● To do
Pull out every line from the listing that has the word "contXA".

======== Exercise input ========

(* Let $(l,k,b)$ be a suspension triplet for $(X_A,\sigma_A)$ and $c=l-k$. For $(x,r),(x',r')\in X^{\mathbb R}_{A,b}$ we have $(x,r)\sim_{l,k}(x',r')$ if and only if there exist $n,n'\in\mathbb Z_+$ such that $\sigma_A^n(x)=\sigma_A^{n'}(x')$, $r-c^n(x)=r'-c^{n'}(x')$, and $r-c^m(x)\ge l(\sigma_A^m(x))$ for all $0\le m<n$ and $r'-c^{m'}(x')\ge l(\sigma_A^{m'}(x'))$ for all $0\le m'<n'$.
   Context: Let $N>1$ and $A=[A(i,j)]_{i,j=1}^N$ an irreducible $\{0,1\}$-matrix which is not a permutation matrix. $X_A$ is the compact space of sequences $(x_n)_{n\in\mathbb N}$ with $x_n\in\{1,\dots,N\}$ and $A(x_n,x_{n+1})=1$ for all $n$; $\sigma_A((x_n)_n)=(x_{n+1})_n$. $\mathbb Z_+$, $\mathbb R_+$ denote nonnegative integers/reals. For a function $f$ on $X_A$ and $m\in\mathbb Z_+$, $f^m(x)=\sum_{i=0}^{m-1}f(\sigma_A^i(x))$ (so $f^0=0$). $H^A$ is the quotient of $C(X_A,\mathbb Z)$ by $\{u-u\circ\sigma_A\}$, $H^A_+$ the classes of $\mathbb Z_+$-valued continuous functions; $[f]\in H^A_+$ is an order unit if for every $[u]\in H^A$ some $n\in\mathbb N$ has $n[f]-[u]\in H^A_+$. A suspension triplet is $(l,k,b)$ with $l,k\in C(X_A,\mathbb R_+)$, $b\in C(X_A,\mathbb R)$ such that $c=l-k$ is integer-valued with $[c]$ an order unit, and $l-b$, $k-b\circ\sigma_A$ take values in $\mathbb Z_+$. $X^{\mathbb R}_{A,b}=\{(x,r)\in X_A\times\mathbb R: r\ge b(x)\}$ and $\sim_{l,k}$ is the equivalence relation on $X^{\mathbb R}_{A,b}$ generated by $(x,r)\sim_{l,k}(\sigma_A(x),r-c(x))$ whenever $r\ge l(x)$. *)

From Stdlib Require Import Reals Lra Lia ZArith Relations.
Open Scope R_scope.

(* Sequences over the alphabet {1,...,N} are represented as nat -> nat. *)
Definition seqN := nat -> nat.

Definition shift (n : nat) (x : seqN) : seqN := fun j => x (j + n)%nat.
Definition sigma (x : seqN) : seqN := shift 1 x.

(* A {0,1}-matrix indexed by 1..N is given as A : nat -> nat -> bool. *)
Definition in_alpha (N i : nat) : Prop := (1 <= i <= N)%nat.

Definition in_XA (N : nat) (A : nat -> nat -> bool) (x : seqN) : Prop :=
  forall n, in_alpha N (x n) /\ A (x n) (x (S n)) = true.

(* irreducible: for all i,j there is m >= 1 with A^m(i,j) > 0, i.e. an A-path
   of length m from i to j *)
Definition irreducible (N : nat) (A : nat -> nat -> bool) : Prop :=
  forall i j, in_alpha N i -> in_alpha N j ->
    exists (m : nat) (p : nat -> nat), (1 <= m)%nat /\ p 0%nat = i /\ p m = j /\
      forall t, (t < m)%nat -> in_alpha N (p t) /\ A (p t) (p (S t)) = true.

Definition is_permutation_matrix (N : nat) (A : nat -> nat -> bool) : Prop :=
  (forall i, in_alpha N i -> exists j, in_alpha N j /\ A i j = true /\
       forall j', in_alpha N j' -> A i j' = true -> j' = j) /\
  (forall j, in_alpha N j -> exists i, in_alpha N i /\ A i j = true /\
       forall i', in_alpha N i' -> A i' j = true -> i' = i).

(* Continuity on X_A for the product topology: f(y) is close to f(x) as soon as
   y in X_A agrees with x on a long enough initial block. *)
Definition contXA (N : nat) (A : nat -> nat -> bool) (f : seqN -> R) : Prop :=
  forall x, in_XA N A x -> forall eps, eps > 0 -> exists K : nat,
    forall y, in_XA N A y -> (forall j, (j < K)%nat -> y j = x j) ->
      Rabs (f y - f x) < eps.

Definition int_valued (N : nat) (A : nat -> nat -> bool) (f : seqN -> R) : Prop :=
  forall x, in_XA N A x -> exists z : Z, f x = IZR z.

Definition nonneg_int_valued (N : nat) (A : nat -> nat -> bool) (f : seqN -> R) : Prop :=
  forall x, in_XA N A x -> exists z : nat, f x = INR z.

Definition CZ (N : nat) A (f : seqN -> R) : Prop := contXA N A f /\ int_valued N A f.

(* [f] in H^A_+ : f is cohomologous (mod u - u o sigma, u in C(X_A,Z))
   to a continuous Z_+-valued function *)
Definition in_HA_plus (N : nat) A (f : seqN -> R) : Prop :=
  exists g u : seqN -> R, contXA N A g /\ nonneg_int_valued N A g /\ CZ N A u /\
    forall x, in_XA N A x -> f x = g x + (u x - u (sigma x)).

Definition order_unit (N : nat) A (f : seqN -> R) : Prop :=
  forall u, CZ N A u -> exists n : nat, (1 <= n)%nat /\
    in_HA_plus N A (fun x => INR n * f x - u x).

Definition suspension_triplet (N : nat) A (l k b : seqN -> R) : Prop :=
  contXA N A l /\ contXA N A k /\ contXA N A b /\
  (forall x, in_XA N A x -> 0 <= l x /\ 0 <= k x) /\
  CZ N A (fun x => l x - k x) /\ order_unit N A (fun x => l x - k x) /\
  nonneg_int_valued N A (fun x => l x - b x) /\
  nonneg_int_valued N A (fun x => k x - b (sigma x)).

(* Birkhoff sum f^m(x) = sum_{i<m} f(sigma^i x), f^0 = 0 *)
Fixpoint bsum (f : seqN -> R) (m : nat) (x : seqN) : R :=
  match m with
  | O => 0
  | S m' => bsum f m' x + f (shift m' x)
  end.

Definition in_XRb (N : nat) A (b : seqN -> R) (p : seqN * R) : Prop :=
  in_XA N A (fst p) /\ snd p >= b (fst p).

Definition susp_gen (N : nat) A (l k b : seqN -> R) (p q : seqN * R) : Prop :=
  in_XRb N A b p /\ snd p >= l (fst p) /\
  q = (sigma (fst p), snd p - (l (fst p) - k (fst p))).

Definition susp_equiv (N : nat) A (l k b : seqN -> R) : relation (seqN * R) :=
  clos_refl_sym_trans (seqN * R) (susp_gen N A l k b).

(* Pushing (x, r) n times along its orbit gives (sigma^n x, r - c^n x), and the
   generating move is allowed at stage m exactly when r - c^m x >= l (sigma^m x).
   Each point is related to its admissible pushes, so points with a common
   admissible push are related.  Conversely "having a common admissible push"
   contains the generating moves and is symmetric and transitive: if p, q meet
   after (n, n') and q, s after (m, m') with n' <= m, then pushing p a further
   m - n' steps follows q's admissible steps to where q lands after m. *)

From Pilot Require Import Defs.
From Stdlib Require Import Reals Relations Lra Lia FunctionalExtensionality.
Open Scope R_scope.

Lemma shift0 (x : seqN) : shift 0 x = x.
Proof. apply functional_extensionality; intro j; unfold shift; f_equal; lia. Qed.

Lemma shift_shift (m n : nat) (x : seqN) : shift m (shift n x) = shift (n + m) x.
Proof. apply functional_extensionality; intro j; unfold shift; f_equal; lia. Qed.

Lemma in_XA_shift (N : nat) (A : nat -> nat -> bool) (n : nat) (x : seqN) :
  in_XA N A x -> in_XA N A (shift n x).
Proof.
  intros Hx j; unfold shift.
  replace (S j + n)%nat with (S (j + n)) by lia; apply Hx.
Qed.

Lemma bsum_add (c : seqN -> R) (n i : nat) (x : seqN) :
  bsum c (n + i) x = bsum c n x + bsum c i (shift n x).
Proof.
  induction i as [|i IH]; simpl.
  - rewrite Nat.add_0_r; ring.
  - rewrite Nat.add_succ_r; simpl; rewrite IH, shift_shift; ring.
Qed.

Section Push.

Variables c l : seqN -> R.

Definition push (n : nat) (p : seqN * R) : seqN * R :=
  (shift n (fst p), snd p - bsum c n (fst p)).

Definition can_push (n : nat) (p : seqN * R) : Prop :=
  forall m, (m < n)%nat -> snd (push m p) >= l (fst (push m p)).

Definition push_meet (p q : seqN * R) : Prop :=
  exists n n', push n p = push n' q /\ can_push n p /\ can_push n' q.

Lemma push0 (p : seqN * R) : push 0 p = p.
Proof. destruct p as [x r]; unfold push; simpl; rewrite shift0; f_equal; ring. Qed.

Lemma push1 (p : seqN * R) : push 1 p = (Defs.sigma (fst p), snd p - c (fst p)).
Proof. unfold push, Defs.sigma; simpl; rewrite shift0; f_equal; ring. Qed.

Lemma push_add (n i : nat) (p : seqN * R) : push (n + i) p = push i (push n p).
Proof.
  unfold push; simpl; rewrite shift_shift, bsum_add; f_equal; ring.
Qed.

Lemma can_push_add (n i : nat) (p : seqN * R) :
  can_push (n + i) p <-> can_push n p /\ can_push i (push n p).
Proof.
  split.
  - intro H; split.
    + intros m Hm; apply H; lia.
    + intros m Hm; rewrite <- push_add; apply H; lia.
  - intros [Hn Hi] m Hm; destruct (Nat.lt_ge_cases m n) as [Hmn|Hmn].
    + now apply Hn.
    + replace m with (n + (m - n))%nat by lia.
      rewrite push_add; apply Hi; lia.
Qed.

Lemma push_meet_refl (p : seqN * R) : push_meet p p.
Proof. exists 0%nat, 0%nat; repeat split; intros m Hm; lia. Qed.

Lemma push_meet_sym (p q : seqN * R) : push_meet p q -> push_meet q p.
Proof. intros (n & n' & E & Hp & Hq); exists n', n; auto. Qed.

Lemma push_meet_trans_le (p q s : seqN * R) (n n' m m' : nat) :
  push n p = push n' q -> can_push n p ->
  push m q = push m' s -> can_push m q -> can_push m' s ->
  (n' <= m)%nat -> push_meet p s.
Proof.
  intros E1 Hp E2 Hq Hs Hle.
  assert (Hm : m = (n' + (m - n'))%nat) by lia.
  rewrite Hm, push_add, <- E1 in E2.
  rewrite Hm, can_push_add, <- E1 in Hq.
  exists (n + (m - n'))%nat, m'.
  rewrite push_add, can_push_add; tauto.
Qed.

Lemma push_meet_trans (p q s : seqN * R) :
  push_meet p q -> push_meet q s -> push_meet p s.
Proof.
  intros (n & n' & E1 & Hp & Hq) (m & m' & E2 & Hq' & Hs).
  destruct (Nat.le_gt_cases n' m).
  - eapply push_meet_trans_le; eauto.
  - apply push_meet_sym.
    apply (push_meet_trans_le s q p m' m n' n); auto; lia.
Qed.

End Push.

Section Suspension.

Variables (N : nat) (A : nat -> nat -> bool) (l k b : seqN -> R).

Let c : seqN -> R := fun y => l y - k y.

Hypothesis b_le_l : forall x, in_XA N A x -> b x <= l x.

Lemma susp_equiv_push_meet (p q : seqN * R) :
  susp_equiv N A l k b p q -> push_meet c l p q.
Proof.
  induction 1 as [p q Hg | p | p q _ IH | p q s _ IH1 _ IH2].
  - destruct Hg as (_ & Hl & ->).
    exists 1%nat, 0%nat; rewrite push0, push1; repeat split.
    intros m Hm; replace m with 0%nat by lia; now rewrite push0.
    intros m Hm; lia.
  - apply push_meet_refl.
  - now apply push_meet_sym.
  - eapply push_meet_trans; eauto.
Qed.

Lemma susp_equiv_push (n : nat) (p : seqN * R) :
  in_XRb N A b p -> can_push c l n p -> susp_equiv N A l k b p (push c n p).
Proof.
  intros Hp; induction n as [|n IH]; intro Hn.
  - rewrite push0; apply rst_refl.
  - apply rst_trans with (push c n p).
    + apply IH; intros m Hm; apply Hn; lia.
    + assert (Hl : snd (push c n p) >= l (fst (push c n p))) by (apply Hn; lia).
      assert (HX : in_XA N A (fst (push c n p))) by apply in_XA_shift, Hp.
      pose proof (b_le_l _ HX).
      rewrite <- Nat.add_1_r, push_add, push1.
      apply rst_step; split; [split; [exact HX | lra] | split; [exact Hl | reflexivity]].
Qed.

Theorem susp_equiv_iff_push_meet (p q : seqN * R) :
  in_XRb N A b p -> in_XRb N A b q ->
  susp_equiv N A l k b p q <-> push_meet c l p q.
Proof.
  intros Hp Hq; split.
  - apply susp_equiv_push_meet.
  - intros (n & n' & E & Hn & Hn').
    apply rst_trans with (push c n p); [now apply susp_equiv_push|].
    rewrite E; apply rst_sym; now apply susp_equiv_push.
Qed.

End Suspension.

Lemma suspension_triplet_b_le_l (N : nat) (A : nat -> nat -> bool) (l k b : seqN -> R) :
  suspension_triplet N A l k b -> forall x, in_XA N A x -> b x <= l x.
Proof.
  intros (_ & _ & _ & _ & _ & _ & Hlb & _) x Hx.
  destruct (Hlb x Hx) as [z Hz]; pose proof (pos_INR z); lra.
Qed.

Theorem lemma2p1 (N : nat) (A : nat -> nat -> bool)
  (HN : (1 < N)%nat) (Hirr : irreducible N A) (Hperm : ~ is_permutation_matrix N A)
  (l k b : seqN -> R) (Htrip : suspension_triplet N A l k b)
  (x x' : seqN) (r r' : R)
  (Hp : in_XRb N A b (x, r)) (Hp' : in_XRb N A b (x', r')) :
  let c := fun y => l y - k y in
  susp_equiv N A l k b (x, r) (x', r') <->
  exists n n' : nat,
    shift n x = shift n' x' /\
    r - bsum c n x = r' - bsum c n' x' /\
    (forall m, (m < n)%nat -> r - bsum c m x >= l (shift m x)) /\
    (forall m', (m' < n')%nat -> r' - bsum c m' x' >= l (shift m' x')).
Proof.
  intro c.
  rewrite (susp_equiv_iff_push_meet N A l k b
             (suspension_triplet_b_le_l N A l k b Htrip) _ _ Hp Hp').
  unfold push_meet, can_push, push; simpl.
  split.
  - intros (n & n' & E & Hn & Hn'); exists n, n'.
    injection E; auto.
  - intros (n & n' & Ex & Er & Hn & Hn'); exists n, n'.
    split; [f_equal; assumption | auto].
Qed.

========

● Task response
Definition contXA (N : nat) (A : nat -> nat -> bool) (f : seqN -> R) : Prop :=
Definition CZ (N : nat) A (f : seqN -> R) : Prop := contXA N A f /\ int_valued N A f.
  exists g u : seqN -> R, contXA N A g /\ nonneg_int_valued N A g /\ CZ N A u /\
  contXA N A l /\ contXA N A k /\ contXA N A b /\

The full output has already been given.